··· RECORDS TO USE ···

(* Let $q$ be a prime power and $\lambda\in(0,1)$ be such that $\lambda q$ is a positive integer. Then there exists a coded caching scheme with linear subpacketization $F=K$, where the number of users satisfies $K\le \frac{q^{2\lambda^2q^2}}{(\lambda q)!}$, with cache fraction $\frac{M}{N}\le\lambda$ and global caching gain $\gamma\ge\frac{4^{\lambda q}}{2\sqrt{\lambda q}}$ (the rate being $R=K(1-\frac{M}{N})/\gamma$).
   Context: Coded caching setup: a server holds $N$ files $W_1,\dots,W_N$ and is connected by an error-free broadcast link to $K$ users, each having a cache able to store $M$ files; it is assumed throughout that $N\ge K$. Each file is split into $F$ equal-size subfiles ($F$ is the subpacketization). Caching is done before demands are known and is symmetric: for every user and subfile index $f$, the user caches the $f$-th subfile of either all files or none. In the delivery phase every user demands one file and the server broadcasts transmissions, each of the size of one subfile, so that every user can recover its demanded file from its cache and the transmissions, for every demand vector. The rate $R$ is the number of transmissions divided by $F$, and the global caching gain is $\gamma=K(1-M/N)/R$. *)

From HB Require Import structures.
From mathcomp Require Import all_boot all_order all_algebra.
From mathcomp Require Import Rstruct.
From Stdlib Require Rdefinitions.
Notation R := Rdefinitions.R.
Set Implicit Arguments. Unset Strict Implicit. Unset Printing Implicit Defensive.
Import Order.TTheory GRing.Theory Num.Theory.

Definition prime_power (q : nat) : Prop :=
  exists p e : nat, prime p /\ (0 < e)%N /\ q = (p ^ e)%N.

(* A library of N files, each split into F subfiles whose contents lie in
   a finite alphabet A (a subfile = one symbol of A): W n f = f-th subfile
   of file n. *)
Definition library (N F : nat) (A : Type) := 'I_N -> 'I_F -> A.

(* Symmetric placement: Z k is the set of subfile indices f such that user k
   caches the f-th subfile of every file. *)
Definition same_cache (N F K : nat) (A : Type) (Z : 'I_K -> {set 'I_F})
  (k : 'I_K) (W W' : library N F A) : Prop :=
  forall (n : 'I_N) (f : 'I_F), f \in Z k -> W n f = W' n f.

(* A delivery scheme with T transmissions, each of the size of one subfile
   (an element of A), for placement Z: for every demand vector d, the
   transmissions X d j are arbitrary functions of the library, and every
   user k can recover its demanded file W (d k) from its cache and the
   transmissions, i.e. W (d k) is a function of (cache of k, transmissions). *)
Definition valid_delivery (N F K T : nat) (A : Type) (Z : 'I_K -> {set 'I_F})
  (X : ('I_K -> 'I_N) -> 'I_T -> library N F A -> A) : Prop :=
  forall (d : 'I_K -> 'I_N) (k : 'I_K) (W W' : library N F A),
    same_cache Z k W W' ->
    (forall j : 'I_T, X d j W = X d j W') ->
    forall f : 'I_F, W (d k) f = W' (d k) f.

Definition caching_scheme (K F T : nat) (Z : 'I_K -> {set 'I_F}) : Prop :=
  forall (N : nat) (A : finType), (K <= N)%N ->
    exists X : ('I_K -> 'I_N) -> 'I_T -> library N F A -> A,
      valid_delivery Z X.

Definition cache_fraction_ok (K F : nat) (Z : 'I_K -> {set 'I_F}) (mu : R) :=
  forall k : 'I_K, (#|Z k|%:R <= mu * F%:R)%R.

Definition rate (F T : nat) : R := (T%:R / F%:R)%R.
Definition gain (K F T : nat) (mu : R) : R := (K%:R * (1 - mu) / rate F T)%R.

(* Users and subfiles are both indexed by the m-subsets of an n-set, n = m q,
   and user U caches every subfile whose index meets U.  For each 2m-subset S
   the server sends the sum, in Z/|A|Z, of the subfiles W_{d(U)}(S \ U) over
   the m-subsets U of S.  A subfile V missed by user U is disjoint from U; in
   the transmission for S = U ∪ V every other summand W_{d(U')}(S \ U') has
   S \ U' meeting U, hence is cached, so U recovers W_{d(U)}(V).
   Thus K = F = C(n,m), the cache fraction is 1 - C(n-m,m)/C(n,m) <= m/q
   because C(n,m) - C(n-m,m) <= m C(n-1,m-1), and the gain is
   C(n,m) C(n-m,m) / C(n,2m) = C(2m,m) >= 4^m / (2 sqrt m).  Finally
   K <= (mq)^m / m! <= q^(2m^2) / m!. *)

From mathcomp Require Import all_boot all_order all_algebra.
From mathcomp Require Import Rstruct.
From mathcomp Require Import zify ring.
Set Implicit Arguments. Unset Strict Implicit. Unset Printing Implicit Defensive.
Import Order.TTheory GRing.Theory Num.Theory.

Lemma bin_subn_leq n b k : b <= n ->
  'C(n, k.+1) - 'C(n - b, k.+1) <= b * 'C(n.-1, k).
Proof.
elim: b => [|b IH] b_lt_n; first by rewrite subn0 subnn.
have le_bin : 'C(n - b.+1, k) <= 'C(n.-1, k) by apply: leq_bin2l; lia.
have binS_sub : 'C(n - b, k.+1) = 'C(n - b.+1, k.+1) + 'C(n - b.+1, k).
  by rewrite -binS; congr 'C(_, _); lia.
have := IH (ltnW b_lt_n); lia.
Qed.

Lemma bin_subn_mul_leq n b k : b <= n ->
  n * ('C(n, k) - 'C(n - b, k)) <= b * k * 'C(n, k).
Proof.
case: k => [|k] le_b_n; first by rewrite !bin0 subnn muln0.
rewrite -mulnA -mul_bin_diag mulnCA leq_mul2l bin_subn_leq ?orbT //.
Qed.

Lemma mul_bin_trinomial n a b : a + b <= n ->
  'C(n, a) * 'C(n - a, b) = 'C(n, a + b) * 'C(a + b, a).
Proof.
move=> le_ab_n.
have facts_gt0 : 0 < a`! * b`! * (n - (a + b))`! by rewrite !muln_gt0 !fact_gt0.
apply/eqP; rewrite -(eqn_pmul2r facts_gt0); apply/eqP.
have e1 := @bin_fact n a ltac:(lia); have e2 := @bin_fact (n - a) b ltac:(lia).
have e3 := bin_fact le_ab_n; have e4 := bin_fact (leq_addr b a).
rewrite subnDA in e3 *; rewrite addKn in e4.
transitivity n`!; first by rewrite -e1 -e2; ring.
by rewrite -e3 -e4; ring.
Qed.

Lemma mul_central_bin m : 'C(m.+1.*2, m.+1) * m.+1 = 2 * m.*2.+1 * 'C(m.*2, m).
Proof.
have diag := mul_bin_diag m.+1.*2 m; have down := mul_bin_down m.*2.+1 m.
rewrite /= doubleS in diag down *.
have e : m.*2.+1 - m = m.+1 by lia.
rewrite e in down.
apply/eqP; rewrite -(eqn_pmul2l (ltn0Sn m)); apply/eqP; nia.
Qed.

Lemma central_bin_lower m : 16 ^ m.+1 <= 4 * m.+1 * 'C(m.+1.*2, m.+1) ^ 2.
Proof.
elim: m => [//|m IH]; rewrite -(@leq_pmul2r m.+2) //.
have -> : 4 * m.+2 * 'C(m.+2.*2, m.+2) ^ 2 * m.+2
          = 4 * ('C(m.+2.*2, m.+2) * m.+2) ^ 2 by ring.
rewrite mul_central_bin expnS.
have : 4 * m.+1 * m.+2 <= m.+1.*2.+1 ^ 2 by nia.
nia.
Qed.

Lemma ffact_leq_expn n m : n ^_ m <= n ^ m.
Proof.
elim: m => [//|m IH]; rewrite ffactnSr expnSr leq_mul //; exact: leq_subr.
Qed.

Lemma bin_mul_fact_leq m q : 0 < m < q -> 'C(m * q, m) * m`! <= q ^ (2 * m ^ 2).
Proof.
case/andP=> m_gt0 lt_mq; rewrite bin_ffact.
apply: leq_trans (ffact_leq_expn _ _) _.
apply: leq_trans (_ : (q ^ 2) ^ m <= _).
  by rewrite leq_exp2r // leq_mul2r ltnW ?orbT.
by rewrite -expnM leq_pexp2l; nia.
Qed.

Section SymbolSum.

Variables (A I : finType) (P : pred I).

(* The symbols of A are added as elements of Z/|A|Z through their rank in
   enum A; the default a0 is never returned since the sum is reduced mod |A|. *)
Definition symbol_sum (a0 : A) (F : I -> A) : A :=
  nth a0 (enum A) ((\sum_(i | P i) enum_rank (F i)) %% #|A|).

Lemma symbol_sum_cancel (a0 b0 : A) (F G : I -> A) (i : I) :
    P i -> (forall j, P j -> j != i -> F j = G j) ->
  symbol_sum a0 F = symbol_sum b0 G -> F i = G i.
Proof.
move=> Pi eqFG; rewrite /symbol_sum !(bigD1 i Pi) /=.
have A_gt0 : 0 < #|A| by apply/card_gt0P; exists (F i).
under eq_bigr => j /andP[Pj neq_ji] do rewrite eqFG //.
rewrite (set_nth_default a0) ?(set_nth_default a0 b0) -?cardE ?ltn_pmod //.
move/eqP; rewrite nth_uniq -?cardE ?ltn_pmod ?enum_uniq // eqn_modDr.
by rewrite !modn_small // => /eqP/ord_inj/enum_rank_inj.
Qed.

End SymbolSum.

Lemma disjoint_setU_uniq (T : finType) (U U' V V' : {set T}) :
    #|U| = #|U'| -> [disjoint U & V] -> [disjoint U' & V'] ->
    U :|: V = U' :|: V' -> [disjoint V' & U] -> U = U' /\ V = V'.
Proof.
move=> eq_card dUV dUV' eqUV dV'U.
have sub_UU' : U \subset U'.
  apply/subsetP => x xU; have : x \in U' :|: V' by rewrite -eqUV inE xU.
  rewrite inE => /orP[// | xV']; by rewrite (disjointFr dV'U xV') in xU.
have eqUU' : U = U' by apply/eqP; rewrite eqEcard sub_UU' eq_card leqnn.
split=> //; subst U'; apply/setP => x.
move/setP/(_ x): eqUV; rewrite !inE.
by case: (boolP (x \in U)) => // xU; rewrite (disjointFr dUV xU) (disjointFr dUV' xU).
Qed.

Lemma card_preim_enum_val (T : finType) (S : {set T}) (p : pred T) :
  #|[set i : 'I_#|S| | p (enum_val i)]| = #|[set x in S | p x]|.
Proof.
rewrite -(card_imset _ (@enum_val_inj _ _)); apply: eq_card => x.
rewrite inE; apply/imsetP/andP => [[i] | [xS px]].
  by rewrite inE => pi ->; rewrite enum_valP.
by exists (enum_rank_in xS x); rewrite ?inE enum_rankK_in.
Qed.

Definition subsets n k : {set {set 'I_n}} := [set U : {set 'I_n} | #|U| == k].

Lemma card_subsets n k : #|subsets n k| = 'C(n, k).
Proof. by rewrite card_draws card_ord. Qed.

Lemma card_subsets_disjoint n k (U : {set 'I_n}) :
  #|[set V in subsets n k | [disjoint V & U]]| = 'C(n - #|U|, k).
Proof.
have -> : [set V in subsets n k | [disjoint V & U]]
          = [set V : {set 'I_n} | V \subset ~: U & #|V| == k].
  by apply/setP => V; rewrite !inE disjoints_subset andbC.
rewrite cards_draws; congr 'C(_, _); have := cardsC U; rewrite card_ord; lia.
Qed.

Section MeetScheme.

Variables n m : nat.
Hypothesis le_2m_n : m.*2 <= n.

Local Notation K := #|subsets n m|.

Definition subset_at (i : 'I_K) : {set 'I_n} := enum_val i.

Lemma card_subset_at i : #|subset_at i| = m.
Proof. by apply/eqP; have := enum_valP i; rewrite inE. Qed.

Definition meet_placement (k : 'I_K) : {set 'I_K} :=
  [set f | ~~ [disjoint subset_at f & subset_at k]].

Definition splits (S : {set 'I_n}) : pred ('I_K * 'I_K) :=
  [pred p | [disjoint subset_at p.1 & subset_at p.2]
            && (subset_at p.1 :|: subset_at p.2 == S)].

Lemma splits_uniq S (k f : 'I_K) p :
    splits S (k, f) -> splits S p -> [disjoint subset_at p.2 & subset_at k] ->
  p = (k, f).
Proof.
case: p => u g; rewrite /splits /= => /andP[dkf /eqP <-] /andP[dug /eqP eqS] dgk.
have [|/enum_val_inj <- /enum_val_inj <-] // :=
  disjoint_setU_uniq _ dkf dug (esym eqS) dgk.
by rewrite !card_subset_at.
Qed.

Lemma meet_scheme : caching_scheme #|subsets n m.*2| meet_placement.
Proof.
move=> N A _.
have k0 : 'I_K by exists 0; rewrite card_subsets bin_gt0; lia.
exists (fun d j W =>
  symbol_sum (splits (enum_val j)) (W (d k0) k0) (fun p => W (d p.1) p.2)).
move=> d k W W' same_k same_X f.
have [cached | ] := boolP (f \in meet_placement k); first exact: same_k.
rewrite inE negbK => dfk.
have dkf : [disjoint subset_at k & subset_at f] by rewrite disjoint_sym.
set S := subset_at k :|: subset_at f.
have S_in : S \in subsets n m.*2.
  by rewrite inE cardsU !card_subset_at setIC (disjoint_setI0 dfk) cards0 subn0 addnn.
have split_kf : splits S (k, f) by rewrite /splits /= dkf eqxx.
have := same_X (enum_rank_in S_in S); rewrite enum_rankK_in //.
apply: (symbol_sum_cancel (i := (k, f)) (F := fun p => W (d p.1) p.2)) => //.
move=> p Sp ne_p; apply: same_k; rewrite inE; apply: contra ne_p => dpk.
by apply/eqP; apply: (@splits_uniq S) => //.
Qed.

Lemma card_meet_placement k : #|meet_placement k| = ('C(n, m) - 'C(n - m, m))%N.
Proof.
have := cardsC (meet_placement k).
have -> : ~: meet_placement k = [set f : 'I_K | [disjoint subset_at f & subset_at k]].
  by apply/setP => f; rewrite !inE negbK.
rewrite (@card_preim_enum_val _ (subsets n m) (fun V => [disjoint V & subset_at k])).
rewrite card_subsets_disjoint card_subset_at card_ord.
have := card_subsets n m; lia.
Qed.

Local Open Scope ring_scope.

Definition meet_fraction : R := 1 - 'C(n - m, m)%:R / 'C(n, m)%:R.

Let binR_gt0 : 0 < 'C(n, m)%:R :> R.
Proof. by rewrite ltr0n bin_gt0; lia. Qed.

Lemma meet_cache_fraction : cache_fraction_ok meet_placement meet_fraction.
Proof.
move=> k; rewrite card_meet_placement card_subsets natrB ?leq_bin2l ?leq_subr //.
by rewrite mulrBl mul1r divfK ?gt_eqF ?binR_gt0.
Qed.

Lemma meet_fraction_ge0 : 0 <= meet_fraction.
Proof.
by rewrite subr_ge0 ler_pdivrMr ?binR_gt0 // mul1r ler_nat leq_bin2l ?leq_subr.
Qed.

Lemma gain_meet_scheme : gain K K #|subsets n m.*2| meet_fraction = 'C(m.*2, m)%:R.
Proof.
have bin2m_gt0 : 0 < 'C(n, m.*2)%:R :> R by rewrite ltr0n bin_gt0.
have -> : 'C(m.*2, m)%:R = 'C(n, m)%:R * 'C(n - m, m)%:R / 'C(n, m.*2)%:R :> R.
  rewrite -natrM mul_bin_trinomial addnn ?addnn // natrM.
  by rewrite mulrAC divff ?mul1r // gt_eqF.
rewrite /gain /rate /meet_fraction !card_subsets subKr.
by field; rewrite !gt_eqF ?binR_gt0.
Qed.

End MeetScheme.

Local Open Scope ring_scope.

Lemma meet_fraction_le m q : (0 < m)%N -> (0 < q)%N ->
  meet_fraction (m * q) m <= m%:R / q%:R.
Proof.
move=> m_gt0 q_gt0; set n := (m * q)%N.
have C_gt0 : 0 < 'C(n, m)%:R :> R by rewrite ltr0n bin_gt0 leq_pmulr.
have nat_le : (q * ('C(n, m) - 'C(n - m, m)) <= m * 'C(n, m))%N.
  rewrite -(leq_pmul2l m_gt0) mulnA mulnA.
  by apply: bin_subn_mul_leq; rewrite leq_pmulr.
have -> : meet_fraction n m = ('C(n, m) - 'C(n - m, m))%:R / 'C(n, m)%:R.
  by rewrite natrB ?leq_bin2l ?leq_subr // mulrBl divff ?lt0r_neq0.
by rewrite ler_pdivrMr // mulrAC ler_pdivlMr ?ltr0n // -!natrM ler_nat mulnC.
Qed.

Lemma central_bin_ge (F : rcfType) m : (0 < m)%N ->
  4%:R ^+ m / (2%:R * Num.sqrt m%:R) <= 'C(m.*2, m)%:R :> F.
Proof.
case: m => [//|m] _.
have sqrt_gt0 : 0 < Num.sqrt m.+1%:R :> F by rewrite sqrtr_gt0 ltr0n.
rewrite ler_pdivrMr ?mulr_gt0 ?ltr0n //.
rewrite -(ler_pXn2r (n := 2)) // ?nnegrE ?mulr_ge0 ?ler0n ?exprn_ge0 ?sqrtr_ge0 //.
rewrite !exprMn sqr_sqrtr ?ler0n // -!natrX -!natrM ler_nat -expnM mulnC expnM.
have -> : ('C(m.+1.*2, m.+1) ^ 2 * (2 ^ 2 * m.+1)
          = 4 * m.+1 * 'C(m.+1.*2, m.+1) ^ 2)%N by ring.
exact: central_bin_lower.
Qed.

(* lambda * q = m (a positive integer), so q^(2 lambda^2 q^2) = q^(2 m^2). *)
Theorem corollary2 (q : nat) (lambda : R) (m : nat) :
  prime_power q ->
  0 < lambda -> lambda < 1 ->
  (0 < m)%N -> lambda * q%:R = m%:R ->
  exists (K T : nat) (Z : 'I_K -> {set 'I_K}) (mu : R),
    caching_scheme T Z /\
    cache_fraction_ok Z mu /\
    0 <= mu /\ mu <= lambda /\
    (K%:R : R) <= q%:R ^+ (2 * m ^ 2) / (m`!)%:R /\
    gain K K T mu >= 4%:R ^+ m / (2%:R * Num.sqrt (m%:R : R)).
Proof.
move=> _ lambda_gt0 lambda_lt1 m_gt0 lambda_q.
have q_gt0 : (0 < q)%N.
  rewrite lt0n; apply: contraTneq m_gt0 => q0.
  by rewrite -(ltr_nat R) -lambda_q q0 mulr0 ltxx.
have lambda_eq : lambda = m%:R / q%:R by rewrite -lambda_q mulfK // pnatr_eq0 -lt0n.
have m_lt_q : (m < q)%N.
  by rewrite -(ltr_nat R) -lambda_q -[X in _ < X]mul1r ltr_pM2r // ltr0n.
have le_2m_n : (m.*2 <= m * q)%N by nia.
exists #|subsets (m * q) m|, #|subsets (m * q) m.*2|, (@meet_placement (m * q) m).
exists (meet_fraction (m * q) m); rewrite gain_meet_scheme // lambda_eq.
split; first exact: meet_scheme.
split; first exact: meet_cache_fraction.
split; first exact: meet_fraction_ge0.
split; first exact: meet_fraction_le.
split; last exact: central_bin_ge.
rewrite card_subsets ler_pdivlMr ?ltr0n ?fact_gt0 // -natrM -natrX ler_nat.
by apply: bin_mul_fact_leq; rewrite m_gt0.
Qed.
(* Near 0, g s ~ s g'(0) and Gamma(s,t) ~ s g(t) g'(t), so the Schur complement is
   ~ s^2 (g'(0)^2 - g'(t)^2), which is positive because g' is strictly decreasing. *)
Lemma sq_Schur_lower_near0 t smax : 0 < t -> 0 < smax ->
  exists sig d, 0 < sig <= smax /\ 0 < d /\ forall s, 0 < s <= sig ->
    d * s ^ 2 <= g s * g s -
      ((g s * g s + g t * g t - g (t - s) * g (t - s)) / 2) ^ 2 / (g t * g t).
Proof.
  intros ht hsmax.
  pose proof (concave_derive_decr g _ g_derive g_concave 0 t ltac:(lra) ht) as hdecr.
  set (D0 := Derive g 0) in *. set (Dt := Derive g t) in *. set (e := (D0 - Dt) / 4).
  assert (hDt : 0 < Dt) by (apply (concave_derive_pos g); auto; lra).
  assert (he : 0 < e) by (unfold e; lra).
  assert (hgt : 0 < g t) by (rewrite <- g0; apply g_incr; lra).
  destruct (Derive_near_endpoints t e he) as [eps heps]. fold D0 Dt in heps.
  set (sig := Rmin smax (Rmin (eps / 2) (Rmin (t / 2) (e * g t / (D0 * D0 + 1))))).
  assert (hsig : 0 < sig).
  { unfold sig. pose proof (cond_pos eps).
    repeat apply Rmin_glb_lt; try lra. apply Rdiv_lt_0_compat; nra. }
  assert (hsig_eps : sig < eps)
    by (unfold sig; pose proof (cond_pos eps); eapply Rle_lt_trans; [apply Rmin_r|];
        eapply Rle_lt_trans; [apply Rmin_l|lra]).
  assert (hsig_t : sig <= t / 2)
    by (unfold sig; do 2 (eapply Rle_trans; [apply Rmin_r|]); apply Rmin_l).
  assert (hsig_e : sig * (D0 * D0 + 1) <= e * g t).
  { apply Rle_div_r; [nra|]. unfold sig. do 3 (eapply Rle_trans; [apply Rmin_r|]). lra. }
  exists sig, ((D0 - e) * (D0 - e) - (Dt + e + e / 2) ^ 2).
  split; [split; [exact hsig|apply Rmin_l]|]. split; [unfold e in *; nra|].
  intros s hs.
  destruct (heps s) as [[hDs _] [_ hDts]].
  { apply Rabs_lt_between'. pose proof (cond_pos eps). lra. }
  assert (ha : 0 <= D0 - e) by (unfold e; lra).
  assert (hsD0 : s * (D0 * D0) <= e * g t) by nra.
  pose proof (concave_increment_bounds g _ g_derive g_concave 0 s ltac:(lra) ltac:(lra)) as hg_s.
  pose proof (concave_increment_bounds g _ g_derive g_concave (t - s) s ltac:(lra) ltac:(lra))
    as hg_t.
  rewrite Rplus_0_l, g0, Rminus_0_r in hg_s. change (Derive g 0) with D0 in hg_s.
  replace (t - s + s) with t in hg_t by ring.
  assert (s * (D0 - e) <= s * Derive g s) by (apply Rmult_le_compat_l; lra).
  assert (s * Derive g (t - s) <= s * (Dt + e)) by (apply Rmult_le_compat_l; lra).
  assert (0 < g (t - s) < g t) by (rewrite <- g0; split; apply g_incr; lra).
  apply (sq_Schur_lower_alg s _ _ _ _ _ e D0); lra.
Qed.
(* Let $G$ be a non-compact, compactly generated tdlc group and $\Gamma$ a Cayley–Abels graph for $G$ of valency $d$. Let $K\le G$ be the kernel of the action of $G$ on $\Gamma$ and let $L\le\operatorname{Sym}(d)$ be the local action of $G$ on $\Gamma$. If a prime $p$ lies in the local prime content of $G/K$, then $p$ divides the order of the stabilizer in $L$ of some point of $\{1,\dots,d\}$. In particular, the local prime content of $G/K$ is finite.
   Context: A Cayley–Abels graph for a tdlc group $G$ is a locally finite, connected simple graph together with a vertex-transitive action of $G$ by graph automorphisms with compact open vertex stabilizers; its valency $d$ is the number of neighbours of each vertex. The kernel $K$ is the set of elements fixing all vertices. The local action of $G$ is the permutation group $G_\alpha/(G_\alpha\cap G_{\mathbf{N}(\alpha)})\le\operatorname{Sym}(\mathbf{N}(\alpha))$ induced by the vertex stabilizer $G_\alpha$ on the neighbour set $\mathbf{N}(\alpha)$, identified with a subgroup of $\operatorname{Sym}(d)$ via a bijection $\mathbf{N}(\alpha)\to\{1,\dots,d\}$ (well-defined up to conjugacy and independent of $\alpha$). The local prime content of a tdlc group $H$ is the set of primes $p$ such that every compact open subgroup $U\le H$ contains a compact open subgroup $V\le U$ with $p\mid[U:V]$. *)

From HB Require Import structures.
From mathcomp Require Import all_boot all_order all_algebra all_fingroup.
From mathcomp Require Import all_classical all_reals all_analysis.
From Stdlib Require Import Relations.

Set Implicit Arguments.
Unset Strict Implicit.
Unset Printing Implicit Defensive.

Local Open Scope classical_set_scope.

Definition group_axioms (T : Type) (mul : T -> T -> T) (inv : T -> T) (one : T) :=
  [/\ forall x y z, mul x (mul y z) = mul (mul x y) z,
      forall x, mul one x = x &
      forall x, mul (inv x) x = one].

···

PROBLEM: Tell how many lines of the listing above contain "eqFG", giving the number alone.

SOLUTION TO THE PROBLEM: 2